I think absentee ownership and zoning laws have a fundamental impact on the availability of housing. It seems outside of governmental concern because their impact is already so normal. It’s normal for rich people to own/rent land they don’t occupy or use in perpetuity. It’s normal to see almost everything zoned for car dependent, single-family housing.
Tomato potato. If you make policy that lowers the cost of living then the living wage goes down and vice versa. I don’t think we’re at all in disagreement.
How? If you can travel back and forth and that makes it work, what is the problem? You can hate it, sure, but, at least where I live, people commute 3+ hours/day to make a nice living while living cheap. What is wrong with that?
The increase in the world’s entropy is not priced into the commuting costs, so it is artificially cheap living. Assuming an inhabitable planet with clean air and water is a goal, then commuting 3 hours would not be cheap.
You are right, but you can stimulate wfh and stimulate companies to spread out more. The fact a lot of people are against that (including here on HN) shows that it's all great, but not in my backyard.

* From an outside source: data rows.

(* A G-path avoiding X that leaves int(σ) enters some A \ B with (A,B) ∈ σ
   through A ∩ B, and can only return through A ∩ B, which is a clique of the
   torso: so it stays attached to the torso component it started from. *)
Definition attached (i : vset V) (w : V) : Prop :=
  i w \/ exists p, sigma p /\ strict_side (flip p) w /\
                   (forall z, sinter (fst p) (snd p) z -> ~ X z -> i z).

Lemma attached_step (i : vset V) b c :
  is_comp T S i -> attached i b -> E b c -> ~ X c -> attached i c.
Proof.
  intros Ci Hb Ebc nXc.
  assert (Hsep : forall p, sigma p -> is_sep E (fst p) (snd p))
    by (intros p sp; exact (proj1 (proj1 sigma_star p sp))).
  destruct Hb as [ib|[p [sp [[Ab nBb] Hp]]]].
  - destruct (comp_sub Ci ib) as [intb nXb].
    destruct (classic (interior sigma c)) as [intc|nintc].
    + left; apply (comp_closed Ci ib); [|split; auto].
      split; [exact intb|split; [exact intc|split]].
      * intros ->; exact (E_irr Ebc).
      * left; exact Ebc.
    + destruct (not_all_ex_not _ _ nintc) as [p Hp].
      apply imply_to_and in Hp; destruct Hp as [sp nBc].
      assert (Ac : fst p c).
      { destruct (proj1 (Hsep p sp) c); tauto. }
      assert (Hsepb : sinter (fst p) (snd p) b)
        by (split; [exact (sep_edge_left (Hsep p sp) (E_sym Ebc) Ac nBc)|exact (intb p sp)]).
      right; exists p; repeat split; auto.
      intros z Hz nXz; exact (separator_in_torso_comp Ci sp Hsepb Hz nXz ib).
  - assert (Ac : fst p c) by exact (sep_edge_left (Hsep p sp) Ebc Ab nBb).
    destruct (classic (snd p c)) as [Bc|nBc].
    + left; apply Hp; [split|]; auto.
    + right; exists p; repeat split; auto.
Qed.

Lemma torso_comp_path (i : vset V) x y :
  is_comp T S i -> i x -> reach E (fun v => ~ X v) x y -> interior sigma y -> i y.
Proof.
  intros Ci ix Rxy inty.
  assert (Hstep : forall b c, attached i b -> E b c -> ~ X c -> attached i c)
    by (intros b c; exact (attached_step Ci)).
  destruct (reach_invariant Hstep Rxy (or_introl ix)) as [iy|[p [sp [[_ nBy] _]]]]; auto.
  exfalso; exact (nBy (inty p sp)).
Qed.

Definition critical_comp (i : vset V) : Prop :=
  is_comp T S i /\ forall v, nbh T (interior sigma) i v <-> X v.

Lemma critical_comp_disjoint i j v :
  critical_comp i -> critical_comp j -> i v -> j v -> i = j.
Proof. intros [Ci _] [Cj _]; exact (comp_eq torso_adj_sym Ci Cj). Qed.

Lemma critical_comp_separated i j x y : critical_comp i -> critical_comp j ->
  i x -> j y -> reach E (fun v => ~ X v) x y -> i = j.
Proof.
  intros Ii Ij ix jy Rxy; apply (critical_comp_disjoint (v := y) Ii Ij); auto.
  destruct Ii as [Ci _], Ij as [Cj _].
  exact (torso_comp_path Ci ix Rxy (proj1 (comp_sub Cj jy))).
Qed.

Lemma critical_comp_strict_side p :
  sigma p -> almost_all critical_comp (fun i => i) (strict_side p).
Proof.
  intros sp; destruct sigma_star as [Hfin _].
  destruct (almost_all_compl_finite critical_comp_disjoint (proj2 (Hfin p sp))) as [l Hl].
  exists l; intros i Ii nIn v iv.
  assert (Bv : snd p v) by exact (proj1 (comp_sub (proj1 Ii) iv) p sp).
  split; [exact Bv|intro Av; exact (Hl i Ii nIn v iv (conj Av Bv))].
Qed.
End TorsoComponents.

Section SeparationsAtX.
Variables (V : Type) (E : V -> V -> Prop) (sigma : osep V -> Prop) (X : vset V).
Hypothesis sigma_star : is_star E sigma.

Definition sep_at (p : osep V) : Prop :=
  sigma p /\ forall v, sinter (fst p) (snd p) v <-> X v.

Lemma sep_at_disjoint p q v :
  sep_at p -> sep_at q -> strict_side (flip p) v -> strict_side (flip q) v -> p = q.
Proof. intros [sp _] [sq _]; exact (star_strict_sides_disjoint sigma_star sp sq). Qed.

Lemma sep_at_separated p q x y : sep_at p -> sep_at q ->
  strict_side (flip p) x -> strict_side (flip q) y ->
  reach E (fun v => ~ X v) x y -> p = q.
Proof.
  intros Ip Iq Hx Hy Rxy; apply (sep_at_disjoint (v := y) Ip Iq); auto.
  destruct Ip as [sp HX].
  refine (strict_left_closed (proj1 (proj1 sigma_star p sp)) _ Rxy Hx).
  intros v nXv Hv; exact (nXv (proj1 (HX v) Hv)).
Qed.

Lemma sep_at_strict_side p :
  sigma p -> almost_all sep_at (fun q => strict_side (flip q)) (strict_side p).
Proof.
  intros sp; exists (p :: nil); intros q [sq _] nIn.
  apply (star_strict_side sigma_star sp sq); intros ->; apply nIn; now left.
Qed.
End SeparationsAtX.

Theorem lemma3p8 (V : Type) (E : V -> V -> Prop)
  (E_sym : forall u v, E u v -> E v u) (E_irr : forall v, ~ E v v)
  (k : nat) (F : (osep V -> Prop) -> Prop)
  (HF : forall s, F s ->
     is_star E s /\ finite_set s /\ (forall p, s p -> in_Sk E k p) /\
     finite_set (interior s))
  (sigma : osep V -> Prop)
  (Hsig_Sk : forall p, sigma p -> in_Sk E k p)
  (Hsig_star : is_star E sigma)
  (Hsig_tight : forall p, sigma p -> left_tight E p)
  (X : vset V) (HXint : subset X (interior sigma)) (HXk : card_lt X k)
  (Hcase : critical (torso_adj E sigma) (interior sigma) X \/
           infinite_set (fun p => sigma p /\
                           forall v, sinter (fst p) (snd p) v <-> X v)) :
  exists tau, F_tangle E k F tau /\ ~ principal E k tau /\
              (forall p, sigma p -> tau p).
Proof.
  assert (HF' : forall s, F s -> finite_set s /\ finite_set (interior s))
    by (intros s Fs; destruct (HF s Fs) as [_ [? [_ ?]]]; auto).
  destruct Hcase as [[_ [_ Hinf]] | Hinf].
  - exact (nonprincipal_tangle_of_family (K := fun i => i)
             (critical_comp_disjoint E_sym) Hinf (fun i Ii => comp_nonempty (proj1 Ii))
             E_sym (critical_comp_separated E_sym E_irr Hsig_star)
             HF' Hsig_Sk (critical_comp_strict_side X E_sym Hsig_star) HXk).
  - exact (nonprincipal_tangle_of_family (K := fun p => strict_side (flip p))
             (sep_at_disjoint Hsig_star) Hinf
             (fun p Ip => left_tight_nonempty (Hsig_tight p (proj1 Ip)))
             E_sym (sep_at_separated Hsig_star)
             HF' Hsig_Sk (sep_at_strict_side X Hsig_star) HXk).
Qed.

If a city has 1 million jobs but only homes for 800k workers, then you will always have 200k workers who are priced out of homes. Or if you do it the communist way and assign homes with arbitrary price ceilings, you still have 200k people without homes although now it is the 200k most recent immigrants and not the 200k poorest, but the problem is still there.
So what do you suggest we do about that except build more homes?
> So what do you suggest we do about that except build more homes?
Why are you trying to make this complicated? Just get rid of density caps so that developers build more apartments. Problem solved with zero cost to taxpayers.
>Why are you trying to make this complicated? Just get rid of density caps so that developers build more apartments. Problem solved with zero cost to taxpayers.
Because "better a thousand rental units go un-built than let one slum lord construct a substandard basement apartment" or some other garbage like that.
Basically people keep trying to set a quality floor that society mostly isn't rich enough to afford and most land can't be developed enough to justify then acts surprised when the actual densification that happens is only a slow trickle.
Yes, they do. Read any thread on a vaguely left-leaning subreddit that even starts approaching discussions of renting, or landlords, or landlord-tenant relations, and you'll get flooded with comments so detached from reality it will stun you.